If it tastes like poison

"Donovan Sheehan" "caMpus life editor" "an.sheehan@apps.schoolcr" "donov                                             aft.edu"

Donovan Sheehan
Campus Life Editor
donovan.sheehan@apps.schoolcraft.edu

State of Michigan to blame for Flint’s toxic water

People in Michigan aren’t used to worrying about water. We usually consider running out of drinking water a problem unique to impoverished, third world countries. With the one notable exception of Detroit’s water shutoffs earlier this year (an exception already mostly forgotten here in the suburbs), the idea of not having access to clean, drinkable, not fatally toxic water is pretty much taken for granted—unless you live in Flint.

In the last week of September, the Michigan state government stated there is a problem with Flint’s water, a problem particularly close to the government’s heart.

According to the Detroit Free Press in a Sept. 30 article, Governor Rick Snyder, “[There were] probably things that weren’t fully understood when the switch was made.”

The “switch” being that, sixteen months ago, Flint was kicked off of Detroit’s water system and has been since pulling their water from the heavily-polluted Flint River, and the “things” being corrosive chemicals and lead poisoning.

People in Flint have complained about their water for the past year. Not only is it discolored, bad tasting bad smelling, it causes rashes and possibly hair loss. The City of Flint is actually charging more for the river water than the price the Detroit water had been. Bottled water became very popular in Flint over the past year, but those who can’t afford it are left with the garbage from out of the tap.

Despite the complaints, the city’s government, which for years has been under state oversight, insisted the water was safe to drink. People complained directly to the state and got the same answer from Snyder’s administration.

Since then, the water has been tested by independent researchers, who discovered that not only does the water look like poison, smell like poison and taste like poison, it has dangerously high levels of lead from the pipes. Another test found dangerously high levels of lead in children’s’ blood; in some neighborhoods, levels that were double what they had been before the switch to river water.

Image from associated press.com  A woman from Flint with water samples from her home.

Image from associated press.com
A woman from Flint with water samples from her home.

To save money, the state-run government of Flint decided not to treat the water with a chemical that would stop it from corroding the plumbing. For sixteen months, the river water had been ripping microscopic pieces of lead off of the inside of the pipes. There were government departments who were supposed to make sure that it didn’t happen because lead is extremely poisonous, and especially dangerous to children. The effects include everything from vomiting and weight loss to kidney failure, brain damage and permanent intellectual and emotional disorders. It’s unacceptable that there are people in Flint who have been drinking that every day for a year.

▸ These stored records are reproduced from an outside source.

(* Let $m\le k\le n$ be positive integers and $\mathbf a_1,\dots,\mathbf a_n\in\mathbb R^m$, and let $w^*=\max\{[\det(\sum_{i\in S}\mathbf a_i\mathbf a_i^\top)]^{1/m}: S\subseteq[n],|S|=k\}$. Let $(\hat{\mathbf x},\hat w)$ be an optimal solution of the convex relaxation $$\max_{\mathbf x,w}\Big\{w:\ w\le \Big[\det\Big(\sum_{i\in[n]}x_i\mathbf a_i\mathbf a_i^\top\Big)\Big]^{1/m},\ \sum_{i\in[n]}x_i=k,\ \mathbf x\in[0,1]^n\Big\},$$ and let $\mathcal S$ be the random size-$k$ subset of $[n]$ (the output of the sampling algorithm) with $$\Pr[\mathcal S=S]=\frac{\prod_{j\in S}\hat x_j}{\sum_{\bar S\subseteq[n],|\bar S|=k}\prod_{i\in\bar S}\hat x_i}\quad\text{for every } S\subseteq[n],\ |S|=k.$$ Then this algorithm is a $\frac1e$-approximation, i.e. $$\Big\{\mathbb E\Big[\det\Big(\sum_{i\in\mathcal S}\mathbf a_i\mathbf a_i^\top\Big)\Big]\Big\}^{1/m}\ge \frac1e\,w^*.$$
   Context: $[n]=\{1,\dots,n\}$. This is the $D$-optimal design problem without repetitions: choose $k$ of the $n$ distinct vectors to maximize the $m$-th root of the determinant of the sum of their outer products; $w^*$ is its optimal value. *)

From HB Require Import structures.
From mathcomp Require Import all_boot all_order all_algebra.
From mathcomp Require Import all_classical all_reals all_analysis.
Set Implicit Arguments. Unset Strict Implicit. Unset Printing Implicit Defensive.
Import Order.TTheory GRing.Theory Num.Theory.
Local Open Scope ring_scope.

Section Dopt.
Variables (R : realType) (m n k : nat) (a : 'I_n -> 'cV[R]_m).

Definition mroot (t : R) : R := t `^ (m%:R^-1).

Definition detS (S : {set 'I_n}) : R :=
  \det (\sum_(i in S) (a i *m (a i)^T)).

Definition detx (x : 'I_n -> R) : R :=
  \det (\sum_(i < n) x i *: (a i *m (a i)^T)).

(* w^* = max over size-k subsets of det(...)^{1/m} (all values are >= 0) *)
Definition wstar : R :=
  \big[Num.max/0]_(S : {set 'I_n} | #|S| == k) mroot (detS S).

Definition relax_feasible (x : 'I_n -> R) (w : R) : Prop :=
  [/\ w <= mroot (detx x), \sum_(i < n) x i = k%:R
    & forall i, 0 <= x i <= 1].

Definition relax_optimal (x : 'I_n -> R) (w : R) : Prop :=
  relax_feasible x w /\ forall x' w', relax_feasible x' w' -> w' <= w.

Definition sample_prob (x : 'I_n -> R) (S : {set 'I_n}) : R :=
  (\prod_(j in S) x j) /
  (\sum_(T : {set 'I_n} | #|T| == k) \prod_(i in T) x i).

Definition expected_det (x : 'I_n -> R) : R :=
  \sum_(S : {set 'I_n} | #|S| == k) sample_prob x S * detS S.

End Dopt.

(* By the Cauchy-Binet formula, det (sum_i c_i a_i a_i^T) is the sum over
   m-sets T of c^T det(A_T), where c^T = prod_{i in T} c_i and
   det(A_T) = det (sum_{i in T} a_i a_i^T) >= 0.  Applied to the indicator of
   each k-set S and averaged with weights x^S, this gives
   sum_{|S|=k} x^S det(A_S) = sum_{|T|=m} det(A_T) x^T e_{k-m}(x on ~T),
   e_l being the elementary symmetric sum of degree l.  Hence the theorem
   reduces to e_k(x) <= e^m e_{k-m}(x on ~T) whenever |T| = m, sum_i x_i = k
   and 0 <= x <= 1.  Split e_k(x) = sum_j e_j(x on T) e_{k-j}(x on ~T) and put
   t = sum_{i in T} x_i, so that the mass of ~T is (k - m) + (m - t).  Since
   (l + 1) e_{l+1} <= (sum of the x_i) e_l, we get e_j(x on T) <= t^j / j! and
   e_{k-j}(x on ~T) <= ((k-m) + (m-t))^(m-j) e_{k-m}(x on ~T) / ((k-m+1)...(k-j)),
   and (d + u)^p <= e^u (d+1)...(d+p) bounds the last fraction by e^(m-t);
   summing over j leaves e^t e^(m-t).  Indicators of k-sets are feasible for
   the relaxation, so w^* is at most its value, and m-th roots turn e^(-m)
   into 1/e. *)
From HB Require Import structures.
From mathcomp Require Import all_boot all_order all_algebra.
From mathcomp Require Import all_classical all_reals all_analysis.
From mathcomp Require Import ring perm.
Set Implicit Arguments.
Unset Strict Implicit.
Unset Printing Implicit Defensive.
Import Order.TTheory GRing.Theory Num.Theory.
Local Open Scope ring_scope.

Section ExpBounds.
Variable R : realType.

The state government wasn’t worried, at least not in public.

Spokesman for the Michigan Department of Environmental Quality, Brad Wurfel, said to Michigan radio in July, “Anyone who is concerned about lead in the drinking water in Flint can relax.”

Snyder’s government listened to Flint’s fears, gave a thoughtful nod or two, then sent the worried citizens back with a pat on the head. For 16 months, no action was taken.

It took until the end of September for the state government to admit that there were potentially dangerous amounts of lead in Flint’s drinking water. That’s after months of ignoring the problem and the fact that an entire generation of Flint’s children is getting brain damage from every glass of contaminated water they drink, the state is now working on plans, steps and strategies, but for many it may already be too late. Lead can’t be cured.

The state gambled on Flint. Maybe using the river water would have side effects. Maybe not treating the water properly would have worse, but it saved money, so Snyder’s administration went with it. Now, Flint is paying the price. If anything is to change, the officials responsible must be held accountable. If Snyder and his cronies want to gamble, they can do it in a casino and with poker chips—not in a water treatment plant and with people’s lives.